Task 8: Plot the return level plot and determine the value of the significant wave height that you need for design according to your calculated return period. Remember that return level plot presents in the x-axis the values of the variable (wave height, here) and in the y-axis the corresponding values of the return period.
Hint: check the definition of return period, it is very easy!
The following cell completes the task in 4 steps:
Create a linspace of the values of Hs and evaluating their non-exceedance probability (cdf)
Calculate the return period
Plot: it is common practice to plot return periods or exceedance probabilities in log-scale
Determine the design value for RT = 475 years
x = np.linspace(min(BM_maxima['significant_wave_height_(m)']), max(BM_maxima['significant_wave_height_(m)']+0.5),100)
pred_p_BM = stats.genextreme.cdf(x, GEV_param_BM[0], GEV_param_BM[1], GEV_param_BM[2])
RT_BM = 1/(1-pred_p_BM)
#
plt.figure(8, figsize = (5,5), facecolor='white')
plt.plot(RT_BM, x)
plt.xscale('log')
plt.ylabel('${H_s (m)}$')
plt.xlabel('Return period (years)')
plt.grid()
#
RT_design = 475
p_non_exceed = 1-(1/RT_design) #non-exceedance probability
design_value_BM = stats.genextreme.ppf(p_non_exceed, GEV_param_BM[0], GEV_param_BM[1], GEV_param_BM[2])
print("The design value of Hs using the Block Maxima & GEV approach is", round(design_value_BM, 2), "m")

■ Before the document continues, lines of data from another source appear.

(* Let $(X,\mathfrak{m})$ be a measurable space with $\mathfrak{m}$ an infinite $\sigma$-algebra containing every finite subset of $X$, and let $X^*=\mathfrak{m}^\beta\setminus e(X)$. Then every nonempty $G_\delta$-subset of $X^*$ has nonempty interior in $X^*$.
   Context: An $\mathfrak{m}$-filter is a family $p\subseteq\mathfrak{m}$ with $\emptyset\notin p$, $X\in p$, closed under supersets belonging to $\mathfrak{m}$ and under finite intersections; an $\mathfrak{m}$-ultrafilter is a maximal $\mathfrak{m}$-filter; $\mathfrak{m}^\beta$ is the set of all $\mathfrak{m}$-ultrafilters, topologized by the base $\{\widehat{A}:A\in\mathfrak{m}\}$ where $\widehat{A}=\{p\in\mathfrak{m}^\beta:A\in p\}$. The map $e:X\to\mathfrak{m}^\beta$ is $e(x)=\{A\in\mathfrak{m}:x\in A\}$. $X^*$ carries the subspace topology. *)

(* Subsets of X are predicates X -> Prop; families of subsets
   are predicates (X -> Prop) -> Prop. Set equality is Leibniz equality of
   predicates (extensional via functional/propositional extensionality). *)
From Stdlib Require Import List.

Section Defs.
Variable X : Type.

Definition emptyset : X -> Prop := fun _ => False.
Definition fullset : X -> Prop := fun _ => True.
Definition inter (A B : X -> Prop) : X -> Prop := fun x => A x /\ B x.
Definition subset (A B : X -> Prop) : Prop := forall x, A x -> B x.

Definition sigma_algebra (m : (X -> Prop) -> Prop) : Prop :=
  m emptyset /\
  (forall A, m A -> m (fun x => ~ A x)) /\
  (forall F : nat -> X -> Prop, (forall n, m (F n)) -> m (fun x => exists n, F n x)).

Definition finite_set (A : X -> Prop) : Prop :=
  exists l : list X, forall x, A x <-> In x l.

Definition infinite_family (m : (X -> Prop) -> Prop) : Prop :=
  ~ exists l : list (X -> Prop), forall A, m A -> In A l.

Definition m_filter (m : (X -> Prop) -> Prop) (p : (X -> Prop) -> Prop) : Prop :=
  (forall A, p A -> m A) /\
  ~ p emptyset /\
  p fullset /\
  (forall A B, p A -> m B -> subset A B -> p B) /\
  (forall A B, p A -> p B -> p (inter A B)).

Definition m_ultrafilter (m : (X -> Prop) -> Prop) (p : (X -> Prop) -> Prop) : Prop :=
  m_filter m p /\
  forall q, m_filter m q -> (forall A, p A -> q A) -> forall A, q A -> p A.

Definition e_pt (m : (X -> Prop) -> Prop) (x : X) : (X -> Prop) -> Prop :=
  fun A => m A /\ A x.

Definition in_Xstar (m : (X -> Prop) -> Prop) (p : (X -> Prop) -> Prop) : Prop :=
  m_ultrafilter m p /\ ~ exists x, p = e_pt m x.

(* open subsets of m^beta for the topology generated by the base {A^ : A in m} *)
Definition beta_open (m : (X -> Prop) -> Prop) (U : ((X -> Prop) -> Prop) -> Prop) : Prop :=
  (forall p, U p -> m_ultrafilter m p) /\
  forall p, U p -> exists A, m A /\ p A /\
     (forall q, m_ultrafilter m q -> q A -> U q).

Definition Xstar_open (m : (X -> Prop) -> Prop) (V : ((X -> Prop) -> Prop) -> Prop) : Prop :=
  exists U, beta_open m U /\ forall p, V p <-> (U p /\ in_Xstar m p).

Definition Xstar_Gdelta (m : (X -> Prop) -> Prop) (G : ((X -> Prop) -> Prop) -> Prop) : Prop :=
  exists V : nat -> ((X -> Prop) -> Prop) -> Prop,
    (forall n, Xstar_open m (V n)) /\ forall p, G p <-> (forall n, V n p).

Definition Xstar_nonempty_interior (m : (X -> Prop) -> Prop) (G : ((X -> Prop) -> Prop) -> Prop) : Prop :=
  exists V, Xstar_open m V /\ (exists p, V p) /\ (forall p, V p -> G p).

End Defs.

From Stdlib Require Import List.
From mathcomp Require Import ssreflect ssrfun ssrbool eqtype ssrnat.
From mathcomp Require Import boolp classical_sets filter.

(* Let p be a point of the G_delta set G = \bigcap_n V_n.  Each
   V_n contains a basic neighbourhood {r in X^* | A_n in r} of p; replacing
   A_n by A_0 /\ ... /\ A_n we may assume the A_n decrease.  As p is a free
   ultrafilter, every A_n is infinite, so we can pick pairwise distinct points
   x_n in A_n.  The countable set D = {x_n} lies in m, and the basic open set
   {r in X^* | D in r} works:
   - it is nonempty: an ultrafilter on all subsets of X refining the tail
     filter of (x_n) traces on m a point of X^* containing D;
   - it lies in G: a free r containing D contains every tail {x_k | k >= n},
     since only finitely many points are removed, and that tail lies in A_n.  The hypothesis that m is infinite only serves to
   make X^* nonempty, which here already follows from G being nonempty. *)

Local Open Scope classical_set_scope.

Section SigmaAlgebra.
Context {X : Type} {m : (X -> Prop) -> Prop}.
Hypothesis m_sigma : sigma_algebra X m.

Lemma sigma_empty : m (emptyset X).
Proof. by case: m_sigma. Qed.

Lemma sigma_compl {A} : m A -> m (fun x => ~ A x).
Proof. by case: m_sigma => _ [+ _]; apply. Qed.

Lemma sigma_union {F : nat -> X -> Prop} :
  (forall n, m (F n)) -> m (fun x => exists n, F n x).
Proof. by case: m_sigma => _ [_]; apply. Qed.

Lemma sigma_full : m (fullset X).
Proof.
have := sigma_compl sigma_empty; congr m.
by rewrite predeqE => x; split => // _ [].
Qed.

(* Binary intersections, by De Morgan from countable unions and complements. *)
Lemma sigma_inter {A B} : m A -> m B -> m (inter X A B).
Proof.
move=> mA mB.
pose F n := if n is 0 then fun x => ~ A x else fun x => ~ B x.
have mF n : m (F n) by case: n => [|n]; apply: sigma_compl.
have := sigma_compl (sigma_union mF); congr m.
rewrite predeqE => x; split => [notF | [Ax Bx] [[|n]] //].
by split; apply: contrapT => nx; apply: notF; [exists 0 | exists 1].
Qed.

Hypothesis m_finite : forall A, finite_set X A -> m A.

Lemma sigma_singleton (a : X) : m [set a].
Proof.
apply: m_finite; exists (a :: nil) => y /=.
by split => [-> | [-> | []]]; [left|].
Qed.

Definition seq_range (x : nat -> X) : X -> Prop := fun y => exists k, y = x k.

Lemma sigma_seq_range (x : nat -> X) : m (seq_range x).
Proof. exact: (sigma_union (fun k => sigma_singleton (x k))). Qed.

End SigmaAlgebra.

Section Ultrafilters.
Context {X : Type} {m : (X -> Prop) -> Prop}.
Hypothesis m_sigma : sigma_algebra X m.

Lemma m_filter_nonempty {p C} : m_filter X m p -> p C -> exists y, C y.
Proof.
move=> [_ [p_ne [_ [p_sup _]]]] pC; apply: contrapT => noC; apply: p_ne.
apply: (p_sup C) => // [|y Cy]; first exact: (sigma_empty m_sigma).
by apply: noC; exists y.
Qed.

(* An m-ultrafilter contains each measurable set or its complement: otherwise
   the sets above some P /\ ~ A with P in p would form a larger m-filter. *)
Lemma m_ultrafilter_dichotomy {p A} :
  m_ultrafilter X m p -> m A -> p A \/ p (fun x => ~ A x).
Proof.
move=> [[p_m [p_ne [p_full [p_sup p_int]]]] p_max] mA.
have [pA | npA] := pselect (p A); [by left | right].
pose q C := m C /\ exists2 P, p P & forall y, P y -> ~ A y -> C y.
have q_filter : m_filter X m q.
  split; [by move=> C [] | split; [|split; [|split]]].
  - move=> [_ [P pP PA]]; apply: npA; apply: (p_sup P) => // y Py.
    by apply: contrapT => nAy; case: (PA y Py nAy).
  - by split; [exact: (sigma_full m_sigma) | exists (fullset X)].
  - move=> C E [_ [P pP PC]] mE CE; split=> //.
    by exists P => // y Py nAy; apply/CE/PC.
  - move=> C E [mC [P pP PC]] [mE [P' pP' P'E]].
    split; first exact: (sigma_inter m_sigma).
    by exists (inter X P P'); [exact: p_int | move=> y [Py P'y] nAy; split; auto].
apply: (p_max q q_filter) => [C pC|]; first by split; [exact: p_m | exists C].
by split; [exact: (sigma_compl m_sigma) | exists (fullset X)].
Qed.

Lemma m_ultrafilter_principal {p a} :
  m_ultrafilter X m p -> p [set a] -> p = e_pt X m a.
Proof.
move=> [[p_m [p_ne [_ [p_sup p_int]]]] _] pa; rewrite predeqE => A.
split=> [pA | [mA Aa]]; last by apply: (p_sup [set a]) => // y ->.
split; first exact: p_m.
apply: contrapT => nAa; apply: p_ne.
apply: (p_sup (inter X A [set a])); [exact: p_int | exact: (sigma_empty m_sigma) |].
by move=> y [Ay ya]; apply: nAa; rewrite -ya.
Qed.

Hypothesis m_finite : forall A, finite_set X A -> m A.

(* A point of X^* is a free ultrafilter: removing one point from a member
   leaves a member. *)
Lemma Xstar_remove_point {p C} a :
  in_Xstar X m p -> p C -> p (fun y => C y /\ y <> a).
Proof.
move=> [p_uf p_free] pC.
have [pa | pna] := m_ultrafilter_dichotomy p_uf (sigma_singleton m_finite a).
  by case: p_free; exists a; exact: m_ultrafilter_principal.
by case: p_uf => [[_ [_ [_ [_ p_int]]]] _]; exact: p_int.
Qed.

Lemma Xstar_member_infinite {p C} :
  in_Xstar X m p -> p C -> forall l, exists y, C y /\ ~ In y l.
Proof.
move=> p_star pC l; apply: (m_filter_nonempty (proj1 (proj1 p_star))).
elim: l => [|a l IHl] /=.
  by have -> : (fun y => C y /\ ~ False) = C by rewrite predeqE => y; tauto.
have -> : (fun y => C y /\ ~ (a = y \/ In y l))
          = (fun y => (C y /\ ~ In y l) /\ y <> a).
  rewrite predeqE => y; split=> [[Cy nIn] | [[Cy nIn] nya]].
    by split; [split=> // yl; apply: nIn; right | move=> ya; apply: nIn; left].
  by split=> // -[ay | yl]; [apply: nya | apply: nIn].
exact: Xstar_remove_point.
Qed.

The design value of Hs using the Block Maxima & GEV approach is 9.74 m
Note how easy it is to see the design value of the wave height for very small probabilities—these are precicely the values that will be used in your design if you have a low failure probability requirement!
Task 9: Select two out of the four techniques listed below and prepare a function for them: (1) Peak Over Threshold (POT), (2) Dispersion Index plot (DI), (3) Parameter stability plots, and (4) Mean residual life plot (MRL).
You will receive the solution for this part after the workshop, since these are the functions that you will be asked to use in class!